El siniestro aquelarre de Nochevieja en Ferraz, en el que una turba de extrema derecha se ensañó con una piñata que representaba a Pedro Sánchez, es el último y enésimo episodio de la escalada de agresividad que consume la vida pública española.
Como acostumbra a hacer cada vez que Vox y sus acólitos instigan a la violencia, el PSOE ha tratado de victimizarse extendiendo al PP la responsabilidad por esta profusión de bilis. Es falaz y fraudulento acusar a Feijóo, como ha hecho María Jesús Montero, de no haber "hecho nada para impedirlo", como si hubiera estado en su mano evitarlo.
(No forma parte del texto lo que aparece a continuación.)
(* Suppose there is a horizontal lift along $\phi_0:\mathcal{A}\to\mathcal{B}$ and $H^2_{\mathrm{CE,der}}(\mathcal{A},\mathcal{B})=\{0\}$. Then for any formal Poisson deformations $\pi$ of $\pi_0$ and $\sigma$ of $\sigma_0$ there exists a derivation $X\in\lambda\mathrm{Der}(\mathcal{B})[[\lambda]]$ such that $\Phi=\exp(X)\phi_0:(\mathcal{A}[[\lambda]],\pi)\to(\mathcal{B}[[\lambda]],\sigma)$ is a Poisson morphism.
   Context: $\mathbb{K}$ is a field of characteristic zero (e.g. $\mathbb{R}$ or $\mathbb{C}$). $\mathcal{A},\mathcal{B}$ are commutative $\mathbb{K}$-algebras with Poisson brackets $\pi_0=\{\cdot,\cdot\}_{\mathcal{A}}$, $\sigma_0=\{\cdot,\cdot\}_{\mathcal{B}}$, and $\phi_0:\mathcal{A}\to\mathcal{B}$ is a Poisson morphism (algebra morphism preserving brackets). A formal Poisson deformation of $\pi_0$ is a $\mathbb{K}[[\lambda]]$-bilinear Poisson bracket $\pi=\sum_j\lambda^j\pi_j$ on $\mathcal{A}[[\lambda]]$ (with its $\lambda$-linearly extended commutative product) whose zeroth-order term is $\pi_0$. $\mathrm{Der}(\mathcal{B})$ is the space of derivations of $\mathcal{B}$; for $X\in\lambda\mathrm{Der}(\mathcal{B})[[\lambda]]$, $\exp(X)=\sum_n X^n/n!$ is an algebra automorphism of $\mathcal{B}[[\lambda]]$; maps are extended $\lambda$-linearly. Chevalley–Eilenberg complex: $C^0_{\mathrm{CE}}(\mathcal{A},\mathcal{B})=\mathcal{B}$, $C^k_{\mathrm{CE}}(\mathcal{A},\mathcal{B})$ = $k$-linear antisymmetric maps $\mathcal{A}^k\to\mathcal{B}$, with $(\delta D)(a_0,\dots,a_k)=\sum_j(-1)^j\{\phi_0(a_j),D(a_0,\dots,\widehat{a_j},\dots,a_k)\}_{\mathcal{B}}+\sum_{i<j}(-1)^{i+j}D(\{a_i,a_j\}_{\mathcal{A}},a_0,\dots,\widehat{a_i},\dots,\widehat{a_j},\dots,a_k)$ (for undeformed brackets). $C^k_{\mathrm{CE,der}}(\mathcal{A},\mathcal{B})$ is the subcomplex of cochains that are derivations along $\phi_0$ in each argument: $D(\dots,aa',\dots)=\phi_0(a)D(\dots,a',\dots)+D(\dots,a,\dots)\phi_0(a')$ (with $C^0_{\mathrm{CE,der}}=\mathcal{B}$); its cohomology is $H^\bullet_{\mathrm{CE,der}}(\mathcal{A},\mathcal{B})$. A horizontal lift along $\phi_0$ is a map $C^1_{\mathrm{CE,der}}(\mathcal{A},\mathcal{B})\to\mathrm{Der}(\mathcal{B})$, $D\mapsto D^h$, with $(aD)^h=\phi_0(a)D^h$ for $a\in\mathcal{A}$ (where $(aD)(a_1)=\phi_0(a)D(a_1)$) and $D^h\circ\phi_0=D$. *)

From HB Require Import structures.
From mathcomp Require Import all_boot all_order all_algebra.
Set Implicit Arguments. Unset Strict Implicit. Unset Printing Implicit Defensive.
Import Order.TTheory GRing.Theory Num.Theory.
Local Open Scope ring_scope.

Section Defs.
Variable K : fieldType.

Definition is_klinear (U V : lmodType K) (f : U -> V) : Prop :=
  forall (k : K) (x y : U), f (k *: x + y) = k *: f x + f y.

Definition is_kbilinear (U V W : lmodType K) (f : U -> V -> W) : Prop :=
  (forall y, is_klinear (fun x => f x y)) /\ (forall x, is_klinear (f x)).

Definition is_poisson_bracket (A : comAlgType K) (br : A -> A -> A) : Prop :=
  [/\ is_kbilinear br,
      (forall a b, br a b = - br b a),
      (forall a b c, br a (b * c) = br a b * c + b * br a c) &
      (forall a b c, br a (br b c) + br b (br c a) + br c (br a b) = 0)].

Definition is_alg_morphism (A B : comAlgType K) (phi : A -> B) : Prop :=
  [/\ is_klinear phi, (forall a b, phi (a * b) = phi a * phi b) & phi 1 = 1].

Definition is_poisson_morphism (A B : comAlgType K)
  (brA : A -> A -> A) (brB : B -> B -> B) (phi : A -> B) : Prop :=
  is_alg_morphism phi /\ forall a b, phi (brA a b) = brB (phi a) (phi b).

Definition is_derivation (B : comAlgType K) (X : B -> B) : Prop :=
  is_klinear X /\ forall x y, X (x * y) = x * X y + X x * y.

Definition is_der_along (A B : comAlgType K) (phi0 : A -> B) (D : A -> B) : Prop :=
  is_klinear D /\ forall a a', D (a * a') = phi0 a * D a' + D a * phi0 a'.

Section CE.
Variables (A B : comAlgType K) (brA : A -> A -> A) (brB : B -> B -> B)
          (phi0 : A -> B).

Definition C1der (D : A -> B) : Prop := is_der_along phi0 D.

Definition C2der (D : A -> A -> B) : Prop :=
  [/\ is_kbilinear D, (forall a b, D a b = - D b a),
      (forall b, is_der_along phi0 (fun a => D a b)) &
      (forall a, is_der_along phi0 (D a))].

Definition delta1 (D : A -> B) : A -> A -> B :=
  fun a0 a1 => brB (phi0 a0) (D a1) - brB (phi0 a1) (D a0) - D (brA a0 a1).

Definition delta2 (D : A -> A -> B) : A -> A -> A -> B :=
  fun a0 a1 a2 =>
    brB (phi0 a0) (D a1 a2) - brB (phi0 a1) (D a0 a2) + brB (phi0 a2) (D a0 a1)
    - D (brA a0 a1) a2 + D (brA a0 a2) a1 - D (brA a1 a2) a0.

Definition H2der_trivial : Prop :=
  forall D : A -> A -> B, C2der D -> (forall a0 a1 a2, delta2 D a0 a1 a2 = 0) ->
    exists E : A -> B, C1der E /\ forall a0 a1, D a0 a1 = delta1 E a0 a1.

Definition has_horizontal_lift : Prop :=
  exists h : (A -> B) -> (B -> B),
    forall D, C1der D ->
      [/\ is_derivation (h D),
          (forall a y, h (fun x => phi0 a * D x) y = phi0 a * h D y) &
          (forall a, h D (phi0 a) = D a)].
End CE.

Definition fps (T : Type) := nat -> T.

Section FPS.
Variable A : comAlgType K.

Definition fps_add (f g : fps A) : fps A := fun n => f n + g n.
Definition fps_scale (k : K) (f : fps A) : fps A := fun n => k *: f n.
Definition fps_mul (f g : fps A) : fps A :=
  fun n => \sum_(i < n.+1) f i * g (n - i)%N.
Definition fps_one : fps A := fun n => if n == 0%N then 1 else 0.

(* bracket pi = sum_j lambda^j pi_j, extended K[[lambda]]-bilinearly *)
Definition fps_br (pi : nat -> A -> A -> A) (f g : fps A) : fps A :=
  fun n => \sum_(i < n.+1) \sum_(j < (n - i).+1) pi i (f j) (g (n - i - j)%N).

Definition is_formal_poisson_deformation (pi0 : A -> A -> A)
    (pi : nat -> A -> A -> A) : Prop :=
  [/\ pi 0%N = pi0,
      (forall j, is_kbilinear (pi j)),
      (forall f g, fps_br pi f g =1 (fun n => - fps_br pi g f n)),
      (forall f g h, fps_br pi f (fps_mul g h) =1
                     fps_add (fps_mul (fps_br pi f g) h) (fps_mul g (fps_br pi f h))) &
      (forall f g h, fps_add (fps_add (fps_br pi f (fps_br pi g h))
                                      (fps_br pi g (fps_br pi h f)))
                             (fps_br pi h (fps_br pi f g)) =1 (fun _ => 0))].

(* X = sum_j lambda^j X_j acting on A[[lambda]] *)
Definition fps_der_act (X : nat -> A -> A) (f : fps A) : fps A :=
  fun n => \sum_(i < n.+1) X i (f (n - i)%N).

(* exp(X) = sum_m X^m / m!  (for X in lambda Der[[lambda]], only m <= n
   contributes to the coefficient of lambda^n) *)
Definition fps_exp (X : nat -> A -> A) (f : fps A) : fps A :=
  fun n => \sum_(m < n.+1) (m`!%:R)^-1 *: iter m (fps_der_act X) f n.

(* X in lambda Der(A)[[lambda]] *)
Definition is_lambda_der_series (X : nat -> A -> A) : Prop :=
  X 0%N =1 (fun _ => 0) /\ forall j, is_derivation (X j).
End FPS.

Definition fps_map (A B : Type) (phi : A -> B) (f : fps A) : fps B :=
  fun n => phi (f n).

Definition is_fps_poisson_morphism (A B : comAlgType K)
    (pi : nat -> A -> A -> A) (sigma : nat -> B -> B -> B)
    (Phi : fps A -> fps B) : Prop :=
  [/\ (forall k f g, Phi (fps_add (fps_scale k f) g) =1
                     fps_add (fps_scale k (Phi f)) (Phi g)),
      (forall f g, Phi (fps_mul f g) =1 fps_mul (Phi f) (Phi g)),
      Phi (fps_one A) =1 fps_one B &
      (forall f g, Phi (fps_br pi f g) =1 fps_br sigma (Phi f) (Phi g))].

End Defs.

From HB Require Import structures.
From mathcomp Require Import all_boot all_order all_algebra.
From mathcomp Require Import zify ring.
From Stdlib Require Import FunctionalExtensionality ClassicalEpsilon.
Set Implicit Arguments. Unset Strict Implicit. Unset Printing Implicit Defensive.
Import GRing.Theory.
Local Open Scope ring_scope.

(** The morphism is built order by order in [λ].  For [Φ = exp(X) φ0] the
    defect [Δ(f, g) = Φ π(f, g) - σ(Φ f, Φ g)] is biadditive, antisymmetric, a
    derivation along [Φ] and compatible with multiplication by [λ].  Hence if
    it vanishes up to order [n] on constants it vanishes up to order [n]
    everywhere, and its coefficient of order [n+1] on constants is a cochain of
    [C²_CE,der] which the Jacobi identities of [π] and [σ] turn into a cocycle.
    Writing it as [δE] and adding [λ^(n+1) E^h] to [X] kills the defect at
    order [n+1], because [E^h ∘ φ0 = E]; lower orders are untouched, so the
    successive corrections stabilise coefficientwise to a solution.  That [exp(X)] is
    multiplicative is the divided-power Leibniz rule
    [X^m(fg)/m! = Σ_k (X^k f/k!)(X^(m-k) g/(m-k)!)], which needs
    characteristic 0. *)

Section TriangularSums.
Variable V : nmodType.

Lemma big_triangle_mkcond (H : nat -> nat -> V) n :
  \sum_(i < n.+1) \sum_(j < (n - i).+1) H i j =
  \sum_(i < n.+1) \sum_(j < n.+1) (if (i + j <= n)%N then H i j else 0).
Proof.
apply: eq_bigr => i _; have := ltn_ord i => lt_i_n.
rewrite (big_ord_widen n.+1 (fun j => H i j)) ?ltnS ?leq_subr // big_mkcond.
by apply: eq_bigr => j _; have -> : (j < (n - i).+1)%N = (i + j <= n)%N by lia.
Qed.

Lemma exchange_big_triangle (H : nat -> nat -> V) n :
  \sum_(i < n.+1) \sum_(j < (n - i).+1) H i j =
  \sum_(j < n.+1) \sum_(i < (n - j).+1) H i j.
Proof.
rewrite big_triangle_mkcond (big_triangle_mkcond (fun j i => H i j)) exchange_big.
by apply: eq_bigr => i _; apply: eq_bigr => j _; rewrite addnC.
Qed.

Lemma big_antidiagonal (H : nat -> nat -> V) n :
  \sum_(m < n.+1) \sum_(k < m.+1) H k (m - k)%N =
  \sum_(k < n.+1) \sum_(l < (n - k).+1) H k l.
Proof.
elim: n => [|n IHn]; first by rewrite !big_ord1.
rewrite big_ord_recr /= IHn.
rewrite [RHS](eq_bigr (fun k : 'I_n.+2 =>
   \sum_(l < n.+1 - k) H k l + H k (n.+1 - k)%N)); last by move=> k _; rewrite big_ord_recr.
rewrite big_split /= [in RHS]big_ord_recr /= subnn big_ord0 addr0.
by congr (_ + _); apply: eq_bigr => k _; rewrite subSn // -ltnS.
Qed.

Lemma big_ord_widen_eq0 (F : nat -> V) p q : (p <= q)%N ->
  (forall j, (p <= j)%N -> (j < q)%N -> F j = 0) ->
  \sum_(j < p) F j = \sum_(j < q) F j.
Proof.
move=> le_pq F0; rewrite (big_ord_widen q F le_pq) big_mkcond.
by apply: eq_bigr => j _; case: ltnP => // /F0 ->.
Qed.

End TriangularSums.

Section KLinear.
Variables (K : fieldType) (U V : lmodType K) (f : U -> V).
Hypothesis f_lin : is_klinear f.

Lemma klinear0 : f 0 = 0.
Proof.
have := f_lin 1 0 0; rewrite scale1r addr0 => /(congr1 (fun x => x - f 0)).
by rewrite subrr addrK scale1r.
Qed.

Lemma klinearD x y : f (x + y) = f x + f y.
Proof. by have := f_lin 1 x y; rewrite !scale1r. Qed.

Lemma klinearZ k x : f (k *: x) = k *: f x.
Proof. by have := f_lin k x 0; rewrite !addr0 klinear0 addr0. Qed.

Lemma klinearN x : f (- x) = - f x.
Proof. by rewrite -scaleN1r klinearZ scaleN1r. Qed.

Lemma klinear_sum (I : Type) (r : seq I) (P : pred I) (F : I -> U) :
  f (\sum_(i <- r | P i) F i) = \sum_(i <- r | P i) f (F i).
Proof. exact: (big_morph f klinearD klinear0). Qed.

End KLinear.

Definition fps_const (T : nmodType) (a : T) : fps T :=
  fun n => if n == 0%N then a else 0.

Definition fps_shift (T : nmodType) (f : fps T) : fps T :=
  fun n => if n is n'.+1 then f n' else 0.

Definition fps_tail (T : Type) (f : fps T) : fps T := fun n => f n.+1.

Section FpsRing.
Variables (K : fieldType) (T : comAlgType K).
Implicit Types (f g : fps T) (a b : T).

Lemma fps_scale1 f : fps_scale 1 f = f.
Proof. by apply: functional_extensionality => n; rewrite /fps_scale scale1r. Qed.

Lemma fps_const_shift_tail f : f = fps_add (fps_const (f 0%N)) (fps_shift (fps_tail f)).
Proof. by apply: functional_extensionality => -[|n]; rewrite /fps_add /= ?addr0 ?add0r. Qed.

Lemma fps_const_lin k a b :
  fps_const (k *: a + b) = fps_add (fps_scale k (fps_const a)) (fps_const b).
Proof.
apply: functional_extensionality => n; rewrite /fps_add /fps_scale /fps_const.
by case: ifP; rewrite ?scaler0 ?addr0.
Qed.

Lemma fps_mulC f g : fps_mul f g = fps_mul g f.
Proof.
apply: functional_extensionality => n; rewrite /fps_mul (reindex_inj rev_ord_inj) /=.
by apply: eq_bigr => j _; rewrite mulrC; congr (g _ * f _); have := ltn_ord j; lia.
Qed.

Lemma fps_mul_const a b : fps_mul (fps_const a) (fps_const b) = fps_const (a * b).
Proof.
apply: functional_extensionality => n; rewrite /fps_mul big_ord_recl subn0.
rewrite big1 ?addr0; last by move=> i _; rewrite /fps_const mul0r.
by rewrite /fps_const; case: n => [|n] /=; rewrite ?mulr0.
Qed.

Lemma fps_mul_leadr n f g : (forall j, (j <= n)%N -> g j = 0) ->
  fps_mul f g n.+1 = f 0%N * g n.+1.
Proof.
move=> g_low; rewrite /fps_mul big_ord_recl subn0 big1 ?addr0 // => i _.
by rewrite g_low ?mulr0 // lift0 subSS leq_subr.
Qed.

Lemma fps_mul_leadl n f g : (forall j, (j <= n)%N -> f j = 0) ->
  fps_mul f g n.+1 = f n.+1 * g 0%N.
Proof. by move=> f_low; rewrite fps_mulC (fps_mul_leadr _ f_low) mulrC. Qed.

Lemma fps_mulBl (f f' g : fps T) n :
  fps_mul (fun i => f i - f' i) g n = fps_mul f g n - fps_mul f' g n.
Proof. by rewrite /fps_mul -sumrB; apply: eq_bigr => i _; rewrite mulrBl. Qed.

Lemma fps_mulBr (f g g' : fps T) n :
  fps_mul f (fun i => g i - g' i) n = fps_mul f g n - fps_mul f g' n.
Proof. by rewrite /fps_mul -sumrB; apply: eq_bigr => i _; rewrite mulrBr. Qed.

Lemma fps_mulMnl f g p : fps_mul (fun n => f n *+ p) g = fun n => fps_mul f g n *+ p.
Proof.
apply: functional_extensionality => n; rewrite /fps_mul -sumrMnl.
by apply: eq_bigr => i _; rewrite mulrnAl.
Qed.

Lemma fps_mulMnr f g p : fps_mul f (fun n => g n *+ p) = fun n => fps_mul f g n *+ p.
Proof.
apply: functional_extensionality => n; rewrite /fps_mul -sumrMnl.
by apply: eq_bigr => i _; rewrite mulrnAr.
Qed.

End FpsRing.

Section FpsBracket.
Variables (K : fieldType) (T : comAlgType K).
Implicit Types (f g : fps T) (a b : T).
Pero es cierto que esta abominable performance merece la condena y la repulsa de todos los actores políticos. Justo lo contrario de lo que ha hecho Santiago Abascal, que ha respaldado tácitamente el apaleamiento de Sánchez en efigie, llamando a un año nuevo "de pelea" contra un presidente "ilegal" y "golpista".
Es difícil desligar el ahorcamiento de este muñeco de la reciente invitación del presidente de Vox a "colgar a Sánchez por los pies". Tampoco cabe negar la responsabilidad del partido ultra por los agresivos escraches a las sedes del PSOE, si se recuerda a Javier Ortega Smith abroncando a los antidisturbios durante las protestas del pasado noviembre. El mismo Ortega Smith que hace apenas unos días protagonizó un incidente violento con el concejal de Más Madrid Eduardo Rubiño.
Si los actores políticos no asumen la urgencia de frenar la peligrosísima deriva en la que ha entrado la política española, que ya alcanza a la abierta incitación a la agresión al presidente del Gobierno, nos encaminaremos hacia un escenario catastrófico. A la inflamación verbal le sigue la violencia simbólica, y a esta la real. Es evidente que algunos de los que se han cebado con la figura de Sánchez en estas Uvas en Ferraz materializarían el ataque contra él si tuvieran la ocasión.
Es discutible jurídicamente, como alega el PSOE, que la simulación del ahorcamiento constituya un delito de odio, un tipo destinado a proteger a "colectivos vulnerables" de discursos que puedan causar una persecución contra ellos. Pero la Policía Nacional ha citado este lunes al convocante de la protesta (la organización juvenil Revuelta, vinculada a Vox) para tomarle declaración sobre lo sucedido.
Tampoco parece cabal pedir prisión para los responsables de la violencia figurada contra las figuras públicas, algo que los tribunales suelen cobijar bajo el paraguas de la libertad de expresión y que casi nunca ha recibido castigo penal.
Pero sí debería imponerse un régimen sancionador bajo el cual estas conductas antidemocráticas fueran consideradas, como mínimo, una falta grave que llevase aparejada una sanción pecuniaria disuasoria. Una multa ejemplar para los apaleadores de Ferraz es lo menos que cabe exigir.
También debe recordar el PSOE la obligación de medir a todos por el mismo rasero. Son muchos los antecedentes de simulaciones de violencia contra las autoridades, como la representación teatral en la que se guillotinaba al entonces presidente Rajoy, y en la que participaron dirigentes del PSOE de Alicante. O el más reciente ahorcamiento de un muñeco que simbolizaba al rey en la Universidad Complutense.
No se trata de invocar precedentes en la trinchera contraria para justificar lo intolerable. Pero sí de señalar el sinsentido de defender que colgar a Felipe VI en efigie sea libertad de expresión, mientras que hacer eso mismo con Sánchez constituya un delito de odio.
Porque esta es la paradoja que supondría que saliese adelante la proposición de ley de Sumar para derogar los delitos de injurias a la Corona y de ofensas al Gobierno y las instituciones del Estado. El PSOE no puede asociarse con quien apoya despenalizar estas conductas, mientras se rasga las vestiduras cuando son ellos quienes las sufren.
Ningún derecho ni libertad pueden ser absolutos. El legislador debe graduarlos con sentido común y en función de las circunstancias. Pero en un contexto de escalada de la violencia verbal y física y de polarización exacerbada de la vida política, la libertad de expresión debe encontrar un límite en la protección de la dignidad de las personas que encarnan las distintas instituciones del Estado.